但是,当我尝试使用BartTokenizer或BertTokenizer来加载我的vocab.json时,它不起作用。特别是对于BertTokenizer,标记化的结果都是[UNK],如下所示。
如何加载使用transformers中的tokenizers训练的WordLevel Tokenizer。

至于BartTokenizer,它会报错:

ValueError: 对于此分词器,不支持使用单个文件或URL路径调用BartTokenizer.from_pretrained()。请改用模型标识符或目录路径。

有人能帮助我吗?

我想使用WordLevel编码方法来建立自己的词汇表,并使用WordLevel编码对它们进行标记化,而不是BEP编码。


<details>
<summary>英文:</summary>

I would like to use WordLevel encoding method to establish my own wordlists, and it saves the model with a vocab.json under the my_word2_token folder.
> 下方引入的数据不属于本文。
(* Let $H(d,q)$ be the Hamming graph, with intersection numbers $c_i=i$ and $b_i=(d-i)(q-1)$ for $i=0,1,\ldots,d$. Let $A$ and $D$ be its adjacency matrix and distance matrix (same vertex ordering), and let $t=dq^{d-1}(q-1)$. Define $$p(x)=t\left\{ \prod_{i=1}^d\frac{x-b_{0}+qc_{i}}{qc_{i}}- \frac{1}{d(q-1)} \prod_{\substack{i=0\\ i\neq1}}^d \frac{x-b_{0}+qc_{i}}{q(c_{i}-1)}\right\}.$$ Then $D=p(A)$.
   Context: The Hamming graph $H(d,q)$ (with $d\ge 1$, $q\ge 2$) has as vertices all ordered $d$-tuples over a $q$-element set, two vertices being adjacent if and only if they differ in exactly one coordinate. The distance matrix of a connected graph has $(u,v)$ entry equal to the length of a shortest $u$–$v$ path. The intersection numbers of a distance regular graph: for vertices $x,y$ at distance $i$, $c_i$ (resp. $b_i$) is the number of neighbours of $y$ at distance $i-1$ (resp. $i+1$) from $x$. *)

From HB Require Import structures.
From mathcomp Require Import all_boot all_order all_algebra.
Set Implicit Arguments. Unset Strict Implicit. Unset Printing Implicit Defensive.
Import Order.TTheory GRing.Theory Num.Theory.
Local Open Scope ring_scope.

Definition hvertex (d q : nat) := {ffun 'I_d -> 'I_q}.

Definition hadj (d q : nat) : rel (hvertex d q) :=
  fun u v => #|[set i | u i != v i]| == 1%N.

Definition walkb (T : finType) (e : rel T) (n : nat) (x y : T) : bool :=
  [exists s : n.-tuple T, path e x s && (last x s == y)].

(* Graph distance: the length of a shortest x-y walk (a shortest walk, if any,
   has length < #|T|); for disconnected pairs this returns #|T| (irrelevant for
   connected graphs). *)
Definition gdist (T : finType) (e : rel T) (x y : T) : nat :=
  find (fun n => walkb e n x y) (iota 0 #|T|).

Definition adj_mx (R : pzRingType) (T : finType) (e : rel T) : 'M[R]_#|T| :=
  \matrix_(i, j) (e (enum_val i) (enum_val j))%:R.

Definition dist_mx (R : pzRingType) (T : finType) (e : rel T) : 'M[R]_#|T| :=
  \matrix_(i, j) (gdist e (enum_val i) (enum_val j))%:R.

Definition mx_eval (R : comNzRingType) (n : nat) (p : {poly R}) (A : 'M[R]_n) : 'M[R]_n :=
  \sum_(k < size p) p`_k *: A ^+ k.

Definition hc (i : nat) : nat := i.
Definition hb (d q i : nat) : nat := ((d - i) * (q - 1))%N.

Definition hpoly (R : fieldType) (d q : nat) : {poly R} :=
  let t : R := (d * q ^ d.-1 * (q - 1))%N%:R in
  let lin (i : nat) : {poly R} := 'X - ((hb d q 0)%:R)%:P + ((q * hc i)%N%:R)%:P in
  t%:P *
  (\prod_(1 <= i < d.+1) (lin i * (((q * hc i)%N%:R)^-1)%:P)
   - (((d * (q - 1))%N%:R)^-1)%:P *
     \prod_(0 <= i < d.+1 | i != 1%N)
        (lin i * ((q%:R * ((hc i)%:R - 1))^-1)%:P)).

(* For S a set of coordinates, let E_S be the tensor product over the coordinates c of
   I - J/q when c is in S and J/q otherwise.  The E_S sum to the identity.  A is the sum
   over c of J - I in coordinate c and I elsewhere, and J - I acts as q-1 on J/q and as
   -1 on I - J/q, so A E_S = θ_|S| E_S with θ_n = d(q-1) - qn; hence
   p(A) = Σ_S p(θ_|S|) E_S.  The graph distance is the Hamming distance, the sum over c
   of J - I in coordinate c and J elsewhere; as J = q (J/q) and
   J - I = (q-1) J/q - (I - J/q), this is D = q^(d-1) (d(q-1) E_∅ - Σ_c E_{c}).  At θ_n
   the factors of the two products in p become (i-n)/i and (i-n)/(i-1), so p(θ_n) is
   exactly the coefficient of E_S in D: q^(d-1) d(q-1) for n = 0, -q^(d-1) for n = 1,
   and 0 for n >= 2. *)

From HB Require Import structures.
From mathcomp Require Import all_boot all_order all_algebra ring.
Import GRing.Theory Num.Theory.
Set Implicit Arguments. Unset Strict Implicit. Unset Printing Implicit Defensive.
Local Open Scope ring_scope.

Section KernelMatrix.
Variables (R : pzRingType) (T : finType).

Definition kernel_mx (f : T -> T -> R) : 'M[R]_#|T| :=
  \matrix_(i, j) f (enum_val i) (enum_val j).

Lemma eq_kernel_mx (f g : T -> T -> R) : f =2 g -> kernel_mx f = kernel_mx g.
Proof. by move=> fg; apply/matrixP => i j; rewrite !mxE fg. Qed.

Lemma kernel_mxM (f g : T -> T -> R) :
  kernel_mx f *m kernel_mx g = kernel_mx (fun u v => \sum_w f u w * g w v).
Proof.
apply/matrixP => i j; rewrite !mxE (reindex _ (onW_bij _ (@enum_val_bij T))) /=.
by apply: eq_bigr => k _; rewrite !mxE.
Qed.

Lemma kernel_mx_sum (I : finType) (f : I -> T -> T -> R) :
  kernel_mx (fun u v => \sum_i f i u v) = \sum_i kernel_mx (f i).
Proof. by apply/matrixP => i j; rewrite mxE summxE; apply: eq_bigr => k _; rewrite !mxE. Qed.

Lemma kernel_mx_scale (a : R) (f : T -> T -> R) :
  kernel_mx (fun u v => a * f u v) = a *: kernel_mx f.
Proof. by apply/matrixP => i j; rewrite !mxE. Qed.

Lemma kernel_mx1 : kernel_mx (fun u v => (u == v)%:R) = 1%:M.
Proof. by apply/matrixP => i j; rewrite !mxE (inj_eq enum_val_inj). Qed.

End KernelMatrix.

Section PolyEvalSpectral.
Variables (R : comNzRingType) (n : nat).

Lemma mx_eval_eigen (p : {poly R}) (A X : 'M[R]_n) (t : R) :
  A *m X = t *: X -> mx_eval p A *m X = p.[t] *: X.
Proof.
move=> AX; have AkX k : A ^+ k *m X = t ^+ k *: X.
  elim: k => [|k IHk]; first by rewrite !expr0 mul1mx scale1r.
  by rewrite exprSr -[_ * _]/(_ *m _) -mulmxA AX -scalemxAr IHk scalerA -exprS.
rewrite /mx_eval mulmx_suml horner_coef scaler_suml.
by apply: eq_bigr => k _; rewrite -scalemxAl AkX scalerA.
Qed.

Lemma mx_eval_spectral (I : finType) (X : I -> 'M[R]_n) (t : I -> R) (p : {poly R}) (A : 'M[R]_n) :
  \sum_i X i = 1%:M -> (forall i, A *m X i = t i *: X i) ->
  mx_eval p A = \sum_i p.[t i] *: X i.
Proof.
move=> sumX AX; rewrite -[LHS]mulmx1 -sumX mulmx_sumr.
by apply: eq_bigr => i _; apply: mx_eval_eigen.
Qed.

End PolyEvalSpectral.

Lemma prodr_nat_bool (R : comPzSemiRingType) (I : finType) (P : pred I) :
  \prod_i (P i)%:R = [forall i, P i]%:R :> R.
Proof.
have [allP | /forallPn [i notPi]] := boolP [forall i, P i].
  by rewrite big1 // => i _; rewrite (forallP allP).
by rewrite (bigD1 i) //= (negbTE notPi) mul0r.
Qed.

Lemma sum_neq_mulr (R : pzRingType) (A : finType) (a : A) (f : A -> R) :
  \sum_x (a != x)%:R * f x = \sum_x f x - f a.
Proof.
rewrite (bigD1 a) //= [X in _ = X - _](bigD1 a) //= eqxx mul0r add0r addrAC subrr add0r.
by apply: eq_bigr => x; rewrite eq_sym => /negbTE->; rewrite mul1r.
Qed.

Lemma sum_eq_mulr (R : pzSemiRingType) (A : finType) (a : A) (f : A -> R) :
  \sum_x (a == x)%:R * f x = f a.
Proof.
rewrite (bigD1 a) //= eqxx mul1r big1 ?addr0 // => x.
by rewrite eq_sym => /negbTE->; rewrite mul0r.
Qed.

Lemma natr_card_set (R : pzSemiRingType) (I : finType) (A : {set I}) :
  #|A|%:R = \sum_i (i \in A)%:R :> R.
Proof.
by rewrite -sum1_card natr_sum big_mkcond; apply: eq_bigr => i _; case: (i \in A).
Qed.

Lemma sum_card_le1 (V : nmodType) (I : finType) (f : {set I} -> V) :
  (forall S : {set I}, (1 < #|S|)%N -> f S = 0) -> \sum_S f S = f set0 + \sum_i f [set i].
Proof.
move=> f_gt1; rewrite (bigID (fun S : {set I} => #|S| == 1%N)) /= big_cards1 addrC; congr (_ + _).
rewrite (bigD1 set0) ?cards0 //= big1 ?addr0 // => S /andP [/negbTE S1 S0].
by apply: f_gt1; rewrite ltn_neqAle eq_sym S1 card_gt0 S0.
Qed.

Lemma prod_index_iota_eq0 (R : idomainType) (a b n : nat) (P : pred nat) (F : nat -> R) :
  (a <= n < b)%N -> P n -> F n = 0 -> \prod_(a <= i < b | P i) F i = 0.
Proof.
move=> n_in Pn Fn0; apply/eqP; rewrite prodf_seq_eq0; apply/hasP.
by exists n; rewrite ?mem_index_iota // Pn Fn0 eqxx.
Qed.

Section ProductKernel.
Variables (R : comPzSemiRingType) (I A : finType).

Definition prod_kernel (F : I -> A -> A -> R) (u v : {ffun I -> A}) : R :=
  \prod_i F i (u i) (v i).

Lemma prod_kernel_conv (F G : I -> A -> A -> R) (u v : {ffun I -> A}) :
  \sum_w prod_kernel F u w * prod_kernel G w v =
  prod_kernel (fun i a b => \sum_x F i a x * G i x b) u v.
Proof.
rewrite /prod_kernel (bigA_distr_bigA (fun i x => F i (u i) x * G i x (v i))) /=.
by apply: eq_bigr => w _; rewrite -big_split.
Qed.

End ProductKernel.

Lemma gdist_shortest (T : finType) (e : rel T) (x y : T) (n : nat) :
  (n < #|T|)%N -> walkb e n x y -> (forall m, walkb e m x y -> n <= m)%N ->
  gdist e x y = n.
Proof.
move=> n_lt walk_n shortest; rewrite /gdist -(subnKC (ltnW n_lt)) iotaD find_cat.
have -> : has (fun m => walkb e m x y) (iota 0 n) = false.
  apply/hasPn => m; rewrite mem_iota add0n => /andP [_ m_lt].
  by apply: contraTN m_lt => /shortest; rewrite -leqNgt.
rewrite size_iota add0n; case: (#|T| - n)%N (subn_gt0 n #|T|) => [|k _]; first by rewrite n_lt.
by rewrite /= walk_n addn0.
Qed.

Definition hdist d q (u v : hvertex d q) : nat := #|[set i | u i != v i]|.

Section HammingDistance.
Variables d q : nat.
Implicit Types u v w : hvertex d q.

Lemma hdist_triangle u w v : (hdist u v <= hdist u w + hdist w v)%N.
Proof.
apply: leq_trans (leq_card_setU _ _); apply: subset_leq_card; apply/subsetP => i.
by rewrite !inE; case: (u i =P w i) => [->|].
Qed.

Lemma hdist0 u v : (hdist u v == 0)%N = (u == v).
Proof.
rewrite cards_eq0; apply/eqP/eqP => [uv | ->]; last by apply/setP => i; rewrite !inE eqxx.
by apply/ffunP => i; move/setP/(_ i): uv; rewrite !inE => /negbFE/eqP.
Qed.

Lemma hdist_path_le u (s : seq (hvertex d q)) :
  path (@hadj d q) u s -> (hdist u (last u s) <= size s)%N.
Proof.
elim: s u => [|w s IHs] u /=; first by rewrite leqn0 hdist0.
case/andP=> /eqP uw /IHs ws; apply: leq_trans (hdist_triangle u w _) _.
by rewrite [hdist u w]uw.
Qed.

Lemma walkb_hdist_le n u v : walkb (@hadj d q) n u v -> (hdist u v <= n)%N.
Proof.
case/existsP=> s /andP [walk_s /eqP <-].
by have := hdist_path_le walk_s; rewrite size_tuple.
Qed.

Lemma walkb_hdist u v : walkb (@hadj d q) (hdist u v) u v.
Proof.
move Dn : (hdist u v) => n; elim: n u Dn => [|n IHn] u Dn.
  by apply/existsP; exists [tuple]; move/eqP: Dn; rewrite hdist0 /= eq_sym.
have /set0Pn [c] : [set i | u i != v i] != set0 by rewrite -card_gt0 -/(hdist u v) Dn.
rewrite inE => ucv.
pose u' := [ffun i => if i == c then v c else u i].
have u'_diff : [set i | u i != u' i] = [set c].
  by apply/setP => i; rewrite !inE ffunE; case: (i =P c) => [->|]; rewrite ?eqxx.
have /IHn /existsP [s /andP [walk_s last_s]] : hdist u' v = n.
  apply/eqP; rewrite -eqSS -Dn /hdist (cardsD1 c [set i | u i != v i]) inE ucv add1n eqSS.
  apply/eqP/eq_card => i; rewrite !inE ffunE.
  by case: (i =P c) => [->|]; rewrite ?eqxx.
apply/existsP; exists (cons_tuple u' s); rewrite /= walk_s last_s andbT.
by rewrite /hadj u'_diff cards1.
Qed.

Lemma gdist_hadj u v : (1 < q)%N -> gdist (@hadj d q) u v = hdist u v.
Proof.
move=> q_gt1; apply: gdist_shortest; last 2 first.
- exact: walkb_hdist.
- by move=> m; apply: walkb_hdist_le.
rewrite card_ffun !card_ord; apply: leq_ltn_trans (ltn_expl d q_gt1).
by apply: leq_trans (max_card _) _; rewrite card_ord.
Qed.

End HammingDistance.

Section HammingScheme.
Variables (R : fieldType) (d q : nat).
Hypothesis q_neq0 : q%:R != 0 :> R.
Implicit Types (S : {set 'I_d}) (u v w : hvertex d q).

Let q_gt0 : (0 < q)%N.
Proof. by rewrite lt0n; apply: contraNneq q_neq0 => ->. Qed.

Definition proj_const (a b : 'I_q) : R := q%:R^-1.
Definition proj_mean0 (a b : 'I_q) : R := (a == b)%:R - q%:R^-1.

Lemma sum_proj_const b : \sum_x proj_const x b = 1.
Proof. by rewrite sumr_const card_ord -(mulr_natr q%:R^-1) mulVf. Qed.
The code is below and it works.

import pandas as pd
from tokenizers import decoders, models, normalizers, pre_tokenizers, processors, trainers, Tokenizer
from transformers import BertTokenizerFast
from tokenizers.pre_tokenizers import Whitespace
import os
tokenizer = Tokenizer(models.WordLevel())
tokenizer.normalizer = normalizers.BertNormalizer(lowercase=True)
tokenizer.pre_tokenizer = pre_tokenizers.BertPreTokenizer()
special_tokens = ["[UNK]", "[PAD]", "[CLS]", "[SEP]", "[MASK]"]
trainer = trainers.WordLevelTrainer(vocab_size=1400, special_tokens=special_tokens)

tokenizer.train(files=["./data/material.txt"], trainer=trainer)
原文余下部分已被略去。